I Stopped Reviewing Code: A Backend Dev’s Experiment with Google Gemini

#devchallenge #geminireflections #gemini

Built with Google Gemini: Writing Challenge

This is a submission for the Built with Google Gemini: Writing Challenge

🦄 I’ve been officially obsessed with AI for nearly a year now. Not from an ML research angle and not from a purist implementation standpoint. The thrill, for me, is in finding the limits as a user and then leaning on them until something gives. One of my favorite Hunter S. Thompson lines talks about “the tendency to push it as far as you can.” That has been my operating principle this entire year.
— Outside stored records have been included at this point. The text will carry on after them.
(* The triangular form of Cayley-Hamilton: the factor of index c kills the c-th
   step of the flag, so the product vanishes on the block of rows >= m0 and
   columns < m1. *)
Lemma upper_prod_zero_diag (Y : nat -> 'M[R]_m.+1) h (m0 m1 : nat) (t s : 'I_m.+1) :
  (forall c, banded 0 h (Y c)) -> (forall c (i : 'I_m.+1), i = c :> nat -> Y c i i = 0) ->
  (m0 <= t)%N -> (s < m1)%N -> (\prod_(m0 <= c < m1) Y c) t s = 0.
Proof.
move=> bY Y0 le_t; elim: m1 s => // m1 IH s lt_s.
have [le_m01|lt_m10] := leqP m0 m1; last first.
  rewrite big_geq // mxE -val_eqE gtn_eqF //.
  by apply: leq_trans lt_s (leq_trans lt_m10 le_t).
rewrite big_nat_recr //= mulmx_entry big1 // => u _.
have bP := banded_prod (r := index_iota m0 m1) bY.
have [lt_ut|le_tu] := ltnP u t; first by rewrite bP ?addn0 ?lt_ut ?mul0r.
have [lt_u|le_u] := ltnP u m1; first by rewrite IH ?mul0r.
case: (ltngtP s u) => [lt_su|lt_us|/val_inj eq_su].
- by rewrite bY ?mulr0 // addn0 lt_su.
- by move: lt_s; rewrite ltnS leqNgt (leq_ltn_trans le_u lt_us).
- by rewrite eq_su Y0 ?mulr0 //; apply/eqP; rewrite eqn_leq le_u -ltnS -eq_su lt_s.
Qed.

Lemma prod_row_diag (I : Type) (A : I -> 'M[R]_m.+1) (r : seq I) (a s : 'I_m.+1) :
  (forall x s', s' != a -> A x a s' = 0) ->
  (\prod_(x <- r) A x) a s = (\prod_(x <- r) A x a a) *+ (s == a).
Proof.
move=> rowA; elim: r s => [|x r IH] s; first by rewrite !big_nil mxE eq_sym.
rewrite !big_cons mulmx_entry (bigD1 a) //= [X in _ + X]big1 ?addr0 => [|u ne_ua].
  by rewrite IH mulrnAr.
by rewrite rowA ?mul0r.
Qed.
Lemma linear_quadratic_ge0 (A B : R) : 0 <= B ->
  (forall t, 0 < t <= 1 -> 0 <= t * A + t ^+ 2 * B) -> 0 <= A.
Proof.
move=> B0 H; rewrite leNgt; apply/negP => A0.
pose t := Num.min 1 (- A / (2 * B + 1)).
have t0 : 0 < t by rewrite lt_min ltr01 divr_gt0 //; lra.
have t1 : t <= 1 by rewrite ge_min lexx.
have tA : t * (2 * B + 1) <= - A by rewrite -ler_pdivlMr ?ge_min ?lexx ?orbT //; lra.
by have := H t; rewrite t0 t1 => /(_ isT); nra.
Qed.

Lemma concave_quadratic_max_le (A B D : R) : 0 < B -> 0 <= A <= 2 * B ->
  (forall l, 0 <= l <= 1 -> l * A - l ^+ 2 * B <= D) -> A ^+ 2 / (4 * B) <= D.
Proof.
move=> B0 /andP[A0 AB] H.
have l0 : 0 <= A / (2 * B) by rewrite divr_ge0 //; lra.
have l1 : A / (2 * B) <= 1 by rewrite ler_pdivrMr; lra.
have := H _ (introT andP (conj l0 l1)).
suff -> : A / (2 * B) * A - (A / (2 * B)) ^+ 2 * B = A ^+ 2 / (4 * B) by [].
by field; lra.
Qed.

Lemma sqr_decay_bound (a : nat -> R) (c : R) (T : nat) : 0 <= c ->
  (forall j, (1 <= j <= T)%N -> 0 <= c * a j <= 1) ->
  (forall j, (1 <= j < T)%N -> a j.+1 <= a j - c * a j ^+ 2) ->
  T%:R * (c * a T) <= 1.
Proof.
move=> c0 ab dec; case: T ab dec => [|T] ab dec; first by rewrite mul0r.
suff : forall j, (j <= T)%N -> j.+1%:R * (c * a j.+1) <= 1 by apply.
elim=> [|j IH] jT; first by rewrite mul1r; case/andP: (ab 1%N isT).
have /andP[b0 b1] := ab j.+1 (ltnW jT).
have /andP[b'0 _] := ab j.+2 jT.
have := dec j.+1 jT; have := IH (ltnW jT).
rewrite -!natr1 => hj hdec.
have hb' : c * a j.+2 <= c * a j.+1 - (c * a j.+1) ^+ 2.
  by have := ler_wpM2l c0 hdec; rewrite exprMn; nra.
have : 0 <= (1 - j%:R * (c * a j.+1) - c * a j.+1) * (1 - c * a j.+1) by nra.
have : 0 <= j%:R :> R by [].
nra.
Qed.

End Scalar.

Section Convexity.
Context {R : realType} {n : nat}.
Notation V := 'rV[R]_n.
Implicit Types (c u v x y : V).

Lemma convex_combB (t : R) x y c :
  t *: x + (1 - t) *: y - c = t *: (x - c) + (1 - t) *: (y - c).
Proof. by rewrite !scalerBr addrACA -opprD -scalerDl subrKC scale1r. Qed.

Lemma convex_affine (a : R) (g c : V) : convex_fun (fun x => a + dotp g (x - c)).
Proof.
by move=> x y t _; rewrite convex_combB !dotpE; lra.
Qed.

Lemma prox_first_order (F : V -> R) (rho : R) (xk z : V) : 0 <= rho ->
  convex_fun F -> is_prox_min F rho xk z ->
  forall x, F z + rho * dotp (xk - z) (x - z) <= F x.
Proof.
move=> rho0 cF pm x; rewrite -(opprB z xk) dotpNl.
suff : 0 <= F x - F z + rho * dotp (z - xk) (x - z) by lra.
apply: (@linear_quadratic_ge0 _ _ (rho / 2 * dotp (x - z) (x - z))).
  by apply: mulr_ge0; [lra | apply: dotp_ge0].
move=> t /andP[t0 t1].
have := cF x z t; rewrite (ltW t0) t1 => /(_ isT).
have := pm (t *: x + (1 - t) *: z).
have -> : t *: x + (1 - t) *: z - xk = (z - xk) + t *: (x - z).
  by rewrite scalerBl scale1r scalerBr addrCA addrAC.
rewrite !nrm2 (dotpDD (z - xk)) dotpZl !dotpZr.
lra.
Qed.

Lemma convex_combination_le (psi : V -> R) (K : R) (I : eqType) (s : seq I)
    (w : I -> R) (q : I -> V) (mu : R) c :
  convex_fun psi -> 0 <= mu -> psi c <= K ->
  (forall i, i \in s -> 0 <= w i /\ psi (q i) <= K) ->
  mu + \sum_(i <- s) w i = 1 ->
  psi (mu *: c + \sum_(i <- s) w i *: q i) <= K.
Proof.
move=> cP; elim: s mu c => [|i s IH] mu c mu0 Kc Ks.
  by rewrite !big_nil !addr0 => ->; rewrite scale1r.
rewrite !big_cons addrA => sum1.
have [/= wi0 Kqi] := Ks i (mem_head _ _).
have {}Ks j : j \in s -> 0 <= w j /\ psi (q j) <= K.
  by move=> js; apply: Ks; rewrite in_cons js orbT.
rewrite addrA; have [ml0|ml_neq0] := eqVneq (mu + w i) 0.
  have [-> ->] : mu = 0 /\ w i = 0 by split; lra.
  by rewrite [0 *: q i]scale0r addr0; apply: IH; rewrite // -sum1 ml0.
have ml_gt0 : 0 < mu + w i by rewrite lt_def ml_neq0; lra.
pose t := mu / (mu + w i).
have t1 : 1 - t = w i / (mu + w i) by rewrite /t; field.
have -> : mu *: c + w i *: q i = (mu + w i) *: (t *: c + (1 - t) *: q i).
  by rewrite t1 scalerDr !scalerA !(mulrC (mu + w i)) !divfK.
apply: IH => //; first exact: ltW ml_gt0.
have t0 : 0 <= t by rewrite divr_ge0 // ltW.
have t1' : t <= 1 by rewrite ler_pdivrMr //; lra.
apply: le_trans (cP _ _ _ (introT andP (conj t0 t1'))) _.
have : t * psi c + (1 - t) * psi (q i) <= t * K + (1 - t) * K.
  by apply: lerD; apply: ler_wpM2l; lra.
lra.
Qed.
(* In the crossed product setting described in the context, with $\ast$ an involution on $D$ satisfying $K^\ast\subseteq K$, the following are equivalent: (1) $D\otimes_F K$ is formally real, i.e. the involution $\#$ on $M_n(K)$ is formally real; (2) $\ast$ is formally real on $D$ and $(k^\ast)^\sigma=(k^\sigma)^\ast$ for every $k\in K$ and $\sigma\in G$; (3) $e_\sigma^\ast e_\sigma\in K$ for every $\sigma\in G$, and there exists a unital hermitian cone on $(K,\ast)$ containing all $e_\sigma^\ast e_\sigma$, $\sigma\in G$.
   Context: Let $K/F$ be a finite Galois extension of fields of characteristic $0$ with Galois group $G$, $n=|G|$; write $k^\sigma$ for the image of $k\in K$ under $\sigma$. Let $\Phi\colon G\times G\to K\setminus\{0\}$ be a normalized $2$-cocycle and $D=(K/F,\Phi)$ the crossed product: right $K$-vector space with basis $(e_\sigma)_{\sigma\in G}$, $e_{\mathrm{id}}=1$, multiplication $(\sum_\sigma e_\sigma c_\sigma)(\sum_\tau e_\tau d_\tau)=\sum_{\sigma,\tau}e_{\sigma\tau}\Phi(\sigma,\tau)c_\sigma^\tau d_\tau$ (so $ke_\sigma=e_\sigma k^\sigma$). Assume $D$ is a division algebra. Define $f\colon D\to K$ by $f(\sum_\sigma e_\sigma c_\sigma)=c_{\mathrm{id}}$. Let $\lambda\colon D\to M_n(K)$ (rows and columns indexed by $G$) be the left regular representation, $ae_\tau=\sum_\sigma e_\sigma\lambda(a)_{\sigma\tau}$; the map $a\otimes k\mapsto\lambda(a)k$ is an isomorphism $D\otimes_F K\cong M_n(K)$. For $X=[x_{\sigma\tau}]\in M_n(K)$ put $X^\ast=[x_{\tau\sigma}^\ast]$, let $A=[f(e_\sigma^\ast e_\tau)]_{\sigma,\tau\in G}$ (invertible with $A^\ast=A$), and let $X^\#=A^{-1}X^\ast A$, the involution on $M_n(K)$ with $\lambda(a^\ast)=\lambda(a)^\#$. An involution $\#$ on a ring $R$ is formally real if every finite sum of nonzero elements $rr^\#$ is nonzero. A unital hermitian cone on a ring $R$ with involution $\ast$ is a subset $M\subseteq\{r:r^\ast=r\}$ with $1\in M$, $M+M\subseteq M$, $aMa^\ast\subseteq M$ for all $a\in R$, and $M\cap-M=\{0\}$. *)

From HB Require Import structures.
From mathcomp Require Import all_boot all_order all_algebra all_fingroup all_field.
Set Implicit Arguments. Unset Strict Implicit. Unset Printing Implicit Defensive.
Import GRing.Theory.
Local Open Scope ring_scope.

Definition formally_real (R : zmodType) (mul : R -> R -> R) (inv : R -> R) : Prop :=
  forall s : seq R, s != [::] -> all (fun r => r != 0) s ->
    \sum_(r <- s) mul r (inv r) != 0.

Definition unital_hermitian_cone (R : pzRingType) (inv : R -> R) (M : pred R) : Prop :=
  [/\ forall r, M r -> inv r = r,
      M 1,
      forall x y, M x -> M y -> M (x + y),
      forall a x, M x -> M (a * x * inv a)
    & forall x, (M x && M (- x)) = (x == 0)].

Notation GalT L := (gal_of (fullv : {vspace L})).

Section CrossedProduct.
Variables (F : fieldType) (L : splittingFieldType F).
(* The Galois group G of L/F; sigma k (written k^sigma in the paper) is
   the image of k; MathComp's product satisfies (s * t) k = t (s k),
   i.e. k^(st) = (k^s)^t, matching the paper's right-action convention. *)
Local Notation GalT := (gal_of (fullv : {vspace L})).
Variable Phi : GalT -> GalT -> L.

(* Elements of D = (K/F, Phi): sum_s e_s c_s is represented by s |-> c_s. *)
Definition CP := {ffun GalT -> L}.

(* (sum e_s c_s)(sum e_t d_t) = sum e_(st) Phi(s,t) c_s^t d_t *)
Definition cp_mul (a b : CP) : CP :=
  [ffun r => \sum_(s : GalT) \sum_(t : GalT | (s * t)%g == r) Phi s t * t (a s) * b t].

Definition cp_e (s : GalT) : CP := [ffun r => if r == s then 1 else 0].
Definition cp_one : CP := cp_e 1%g.
Definition cp_emb (k : L) : CP := [ffun r => if r == 1%g then k else 0].
Definition cp_f (a : CP) : L := a 1%g.

Definition normalized_cocycle : Prop :=
  [/\ forall s t, Phi s t != 0,
      forall s, Phi 1%g s = 1,
      forall s, Phi s 1%g = 1
    & forall s t r, Phi (s * t)%g r * r (Phi s t) = Phi s (t * r)%g * Phi t r].

Definition cp_division : Prop :=
  forall a : CP, a != 0 -> exists b : CP, cp_mul a b = cp_one /\ cp_mul b a = cp_one.

Definition cp_involution (star : CP -> CP) : Prop :=
  [/\ forall a b, star (a + b) = star a + star b,
      forall a b, star (cp_mul a b) = cp_mul (star b) (star a)
    & forall a, star (star a) = a].

(* restriction of star to K (meaningful when K^* is contained in K) *)
Definition kstar (star : CP -> CP) (k : L) : L := cp_f (star (cp_emb k)).

Definition in_K (a : CP) : Prop := forall r, r != 1%g -> a r = 0.

(* rows/columns of M_n(K) indexed by G via enum_val : 'I_#|G| -> G *)
Definition lambda (a : CP) : 'M[L]_#|{: GalT}| :=
  \matrix_(i, j) cp_mul a (cp_e (enum_val j)) (enum_val i).

Definition mx_star (star : CP -> CP) (X : 'M[L]_#|{: GalT}|) : 'M[L]_#|{: GalT}| :=
  \matrix_(i, j) kstar star (X j i).

Definition Amx (star : CP -> CP) : 'M[L]_#|{: GalT}| :=
  \matrix_(i, j) cp_f (cp_mul (star (cp_e (enum_val i))) (cp_e (enum_val j))).

Definition mx_sharp (star : CP -> CP) (X : 'M[L]_#|{: GalT}|) : 'M[L]_#|{: GalT}| :=
  invmx (Amx star) *m mx_star star X *m Amx star.

End CrossedProduct.

From HB Require Import structures.
From mathcomp Require Import all_boot all_order all_algebra all_fingroup all_field.
From Stdlib Require ClassicalEpsilon.
Set Implicit Arguments. Unset Strict Implicit. Unset Printing Implicit Defensive.
Import GRing.Theory.
Local Open Scope ring_scope.

(* The proof rests on one structural observation: since k e_s = e_s k^s, the
   element e_s^* is supported on a single basis vector e_mu, and mu = s^-1
   exactly when * commutes with s on K, exactly when e_s^* e_s lies in K.
   Consequently the Gram matrix A = [f(e_s^* e_t)] is monomial (one nonzero
   entry in each row and column), hence always invertible, and it is diagonal
   iff these equivalent conditions hold.  After the ring structure of D, the support analysis of e_s^*,
   and the left regular representation lambda (which intertwines * and #),
   the cycle of implications is:
   (1) -> (2): formal reality of # on E_ii forces A_ii != 0 (commutation), and
               it transfers to * along the injective map lambda;
   (2) -> (3): the sums of hermitian squares of D lying in K form the cone;
   (3) -> (1): with A diagonal, the diagonal of sum X X^# A^-1 is a sum of
               cone elements x A_jj^-1 x^*, so it vanishes only if every X does. *)

(* A boolean reading of a proposition, used to present a cone as a [pred]. *)
Definition holds (P : Prop) : bool :=
  if ClassicalEpsilon.excluded_middle_informative P then true else false.

Lemma holdsP (P : Prop) : reflect P (holds P).
Proof. by rewrite /holds; case: ClassicalEpsilon.excluded_middle_informative; constructor. Qed.

Lemma formally_real_sum_eq0 (R : zmodType) (mul : R -> R -> R) (inv : R -> R) :
  formally_real mul inv -> mul 0 (inv 0) = 0 ->
  forall s : seq R, \sum_(r <- s) mul r (inv r) = 0 -> forall r, r \in s -> r = 0.
Proof.
move=> fr mul00 s sum0 r rs; apply/eqP/negPn/negP => r_nz.
set s' := filter (fun r => r != 0) s.
have r_s' : r \in s' by rewrite mem_filter r_nz rs.
have s'_nil : s' != [::] by case: (s') r_s'.
have := fr s' s'_nil (filter_all _ _); rewrite big_filter big_mkcond /=.
suff -> : \sum_(i <- s) (if i != 0 then mul i (inv i) else 0) = 0 by rewrite eqxx.
by rewrite -[RHS]sum0; apply: eq_bigr => i _; case: eqP => [->|].
Qed.

Lemma formally_real_transfer (R S : zmodType) (mulR : R -> R -> R) (invR : R -> R)
    (mulS : S -> S -> S) (invS : S -> S) (phi : R -> S) :
  phi 0 = 0 -> {morph phi : x y / x + y} -> (forall a, phi a = 0 -> a = 0) ->
  (forall a, phi (mulR a (invR a)) = mulS (phi a) (invS (phi a))) ->
  formally_real mulS invS -> formally_real mulR invR.
Proof.
move=> phi0 phiD phi_inj0 phi_herm frS s s_nil s_nz.
have phi_sum : phi (\sum_(r <- s) mulR r (invR r)) =
               \sum_(x <- map phi s) mulS x (invS x).
  by rewrite big_map (big_morph phi phiD phi0); apply: eq_bigr => r _.
apply: contra_neq (frS (map phi s) _ _) => [sum0||]; first by rewrite -phi_sum sum0.
- by case: (s) s_nil.
- rewrite all_map; apply: sub_all s_nz => r /= r_nz.
  by apply: contra_neq r_nz => /phi_inj0.
Qed.

Section HermitianCone.
Variables (R : pzRingType) (inv : R -> R) (M : pred R).
Hypothesis coneM : unital_hermitian_cone inv M.

Lemma cone0 : M 0.
Proof. by case: coneM => _ _ _ _ h; have := h 0; rewrite eqxx => /andP[]. Qed.

Lemma cone_sum I (l : seq I) (P : pred I) (f : I -> R) :
  (forall i, P i -> M (f i)) -> M (\sum_(i <- l | P i) f i).
Proof. by move=> Mf; apply: (big_ind M); [exact: cone0 | case: coneM | exact: Mf]. Qed.

(* Pointedness M cap -M = 0 makes a vanishing sum of cone elements vanish
   termwise. *)
Lemma cone_sum_eq0 (I : eqType) (l : seq I) (f : I -> R) :
  (forall i, i \in l -> M (f i)) -> \sum_(i <- l) f i = 0 ->
  forall i, i \in l -> f i = 0.
Proof.
elim: l => [//|x l IH] Mf; rewrite big_cons => sum0.
have Ml : M (\sum_(i <- l) f i).
  by rewrite big_seq; apply: cone_sum => i il; apply: Mf; rewrite in_cons il orbT.
have fx0 : f x = 0.
  apply/eqP; case: coneM => _ _ _ _ <-.
  rewrite Mf ?in_cons ?eqxx //=.
  suff -> : - f x = \sum_(i <- l) f i by [].
  by apply/eqP; rewrite eq_sym -addr_eq0 addrC sum0.
move: sum0; rewrite fx0 add0r => sum0 i; rewrite in_cons => /orP[/eqP -> //|il].
by apply: IH => // j jl; apply: Mf; rewrite in_cons jl orbT.
Qed.
End HermitianCone.

(* A square matrix with exactly one nonzero entry in each row and at most one
   in each column is invertible, its inverse being the transpose of the
   entrywise inverse (using 0^-1 = 0). *)
Section MonomialMatrix.
Variables (K : fieldType) (n : nat) (A : 'M[K]_n).
Hypothesis row_nz : forall i, exists j, A i j != 0.
Hypothesis row_uniq : forall i j j', A i j != 0 -> A i j' != 0 -> j = j'.
Hypothesis col_uniq : forall i i' j, A i j != 0 -> A i' j != 0 -> i = i'.

Definition mono_inv : 'M[K]_n := \matrix_(i, j) (A j i)^-1.

Lemma mulmx_mono_inv : A *m mono_inv = 1%:M.
Proof.
apply/matrixP => i k; rewrite !mxE; have [j0 nz0] := row_nz i.
rewrite (bigD1 j0) //= big1 => [|j nj]; last first.
  rewrite mxE; have [z|nz] := eqVneq (A i j) 0; first by rewrite z mul0r.
  by rewrite (row_uniq nz nz0) eqxx in nj.
rewrite addr0 mxE; have [<-|nik] := eqVneq i k; first by rewrite mulfV.
have [z|nz] := eqVneq (A k j0) 0; first by rewrite z invr0 mulr0.
by rewrite (col_uniq nz0 nz) eqxx in nik.
Qed.

Lemma mono_unit : A \in unitmx.
Proof. by case: (mulmx1_unit mulmx_mono_inv). Qed.

Lemma invmx_mono : invmx A = mono_inv.
Proof. by rewrite -[RHS](mulKmx mono_unit) mulmx_mono_inv mulmx1. Qed.
End MonomialMatrix.

Lemma delta_conj (R : comPzRingType) n (i : 'I_n) (B : 'M[R]_n) :
  delta_mx i i *m B *m delta_mx i i = B i i *: delta_mx i i.
Proof.
apply/matrixP => k l; rewrite !mxE (bigD1 i) //= big1 => [|p /negbTE pi]; last first.
  by rewrite [delta_mx i i p l]mxE pi mulr0.
rewrite [delta_mx i i i l]mxE eqxx mxE (bigD1 i) //= big1 => [|p /negbTE pi]; last first.
  by rewrite mxE [p == i]pi andbF mul0r.
rewrite mxE eqxx andbT !addr0.
by case: (k == i); case: (l == i); rewrite /= ?mul1r ?mulr1 ?mul0r ?mulr0.
Qed.

Section CrossedProduct.
Variables (F : fieldType) (L : splittingFieldType F).
Local Notation G := (gal_of (fullv : {vspace L})).
Local Notation n := #|{: G}|.
Variable Phi : G -> G -> L.
Hypothesis Phi_cocycle : normalized_cocycle Phi.

Local Notation mul := (cp_mul Phi).
Local Notation emb := (@cp_emb F L).
Local Notation one := (@cp_one F L).

Lemma gal_mulE (x y : G) a : (x * y)%g a = y (x a).
Proof. by rewrite galM // memvf. Qed.

Lemma gal_rmorphM (x : G) a b : x (a * b) = x a * x b.
Proof. by rewrite rmorphM. Qed.

Lemma gal_ext (x y : G) : (forall a, x a = y a) -> x = y.
Proof. by move=> xy; apply/eqP/gal_eqP => a _; apply: xy. Qed.

Lemma galVK (s : G) y : s ((s^-1)%g y) = y.
Proof. by rewrite -gal_mulE mulVg gal_id. Qed.

Lemma Phi_neq0 (s t : G) : Phi s t != 0. Proof. by case: Phi_cocycle. Qed.
Lemma Phi1l (s : G) : Phi 1%g s = 1. Proof. by case: Phi_cocycle. Qed.
Lemma Phi1r (s : G) : Phi s 1%g = 1. Proof. by case: Phi_cocycle. Qed.
Lemma Phi_cocycleE (s t r : G) :
  Phi (s * t)%g r * r (Phi s t) = Phi s (t * r)%g * Phi t r.
Proof. by case: Phi_cocycle. Qed.
Lemma succ_stage_lt k : (k < Np d)%N -> succ_stage k = k.+1.
Proof. by move=> lt_k; apply/minn_idPl. Qed.

Lemma succ_stage_Np : succ_stage (Np d) = Np d.
Proof. exact/minn_idPr/leqnSn. Qed.

Definition succ_vt t k := if (k.+1 < Np d)%N then vt t k.+1 else 0.

Lemma leaf_succ_cons t k : size t = Nr d -> (Nr d <= k < Np d)%N ->
  [/\ forall i l, mxle (Pm d i *m tb al zh t (succ_stage k)
                        + T *m (B i *m succ_vt t k) + T *m wv d l)
                       (T *m zh t (succ_stage k.+1) + al t (succ_stage k.+1) *: ones q),
      mxle (Px d *m tb al zh t (succ_stage k)) (ones nF) &
      mxle (Gm d *m succ_vt t k + Pu d *m tb al zh t (succ_stage k)) (ones nG)].
Proof.
move=> t_leaf /andP[Nr_le_k k_lt_Np].
have [_ [_ [_ [_ leaf]]]] := sol.
have [_ [_ [tube_cons [term [term_x term_u]]]]] := leaf t t_leaf.
rewrite /succ_vt (succ_stage_lt k_lt_Np); case: ltnP => [k1_lt_Np | Np_le_k1].
  rewrite (succ_stage_lt k1_lt_Np).
  have [] := tube_cons k.+1; first by rewrite k1_lt_Np andbT (leq_trans Nr_le_k).
  by move=> k1_dyn [k1_x k1_u]; split.
have Np_eq : k.+1 = Np d by apply/eqP; rewrite eqn_leq k_lt_Np Np_le_k1.
have -> : succ_stage k.+1 = Np d by apply/minn_idPr; rewrite -Np_eq.
rewrite Np_eq.
by split=> [i l||]; rewrite ?mulmx0 ?addr0 ?add0r.
Qed.

Variable y : label np nw.

Definition shift_v s :=
  if (size s < (Nr d).-1)%N then v (y :: s)
  else vt (y :: s) (Nr d) + K *m z (y :: s).

Definition shift_z s :=
  if (size s < Nr d)%N then z (y :: s)
  else let: (i, l) := last y s in
       A i *m z (belast y s) + B i *m (vt (belast y s) (Nr d) + K *m z (belast y s))
       + wv d l.

Definition shift_zh s k := zh (belast y s) (succ_stage k).
Definition shift_al s k := al (belast y s) (succ_stage k).
Definition shift_vt s k := succ_vt (belast y s) k.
This build started as a portfolio experiment. It turned into something else entirely. This challenge became the cleanest environment I’ve found to test what actually happens when you step out of the implementation loop and let the model build the world without you.

What I Built with Google Gemini

When I saw the New Year, New You Portfolio Challenge, I knew it required a UI. That wasn’t a surprise. What was a surprise was how quickly I would realize I didn’t understand what I was looking at once it started coming together.

I’m a backend developer. You hand me a distributed systems problem and I’ll happily spend hours untangling it. You ask me to make a div visible in a browser and my brain actively searches for the exit. With only one weekend to build, there was no room for the "eyes-glazing-over" phase. Google Gemini would implement and I would supervise—that was my whole plan.

I walked in expecting Antigravity, powered primarily by Gemini Pro, to behave like every other AI system I’d tested—predictable and fairly easy to keep inside the guardrails. I thought I already knew what those guardrails looked like: strict types, linting, and the familiar routine of code review.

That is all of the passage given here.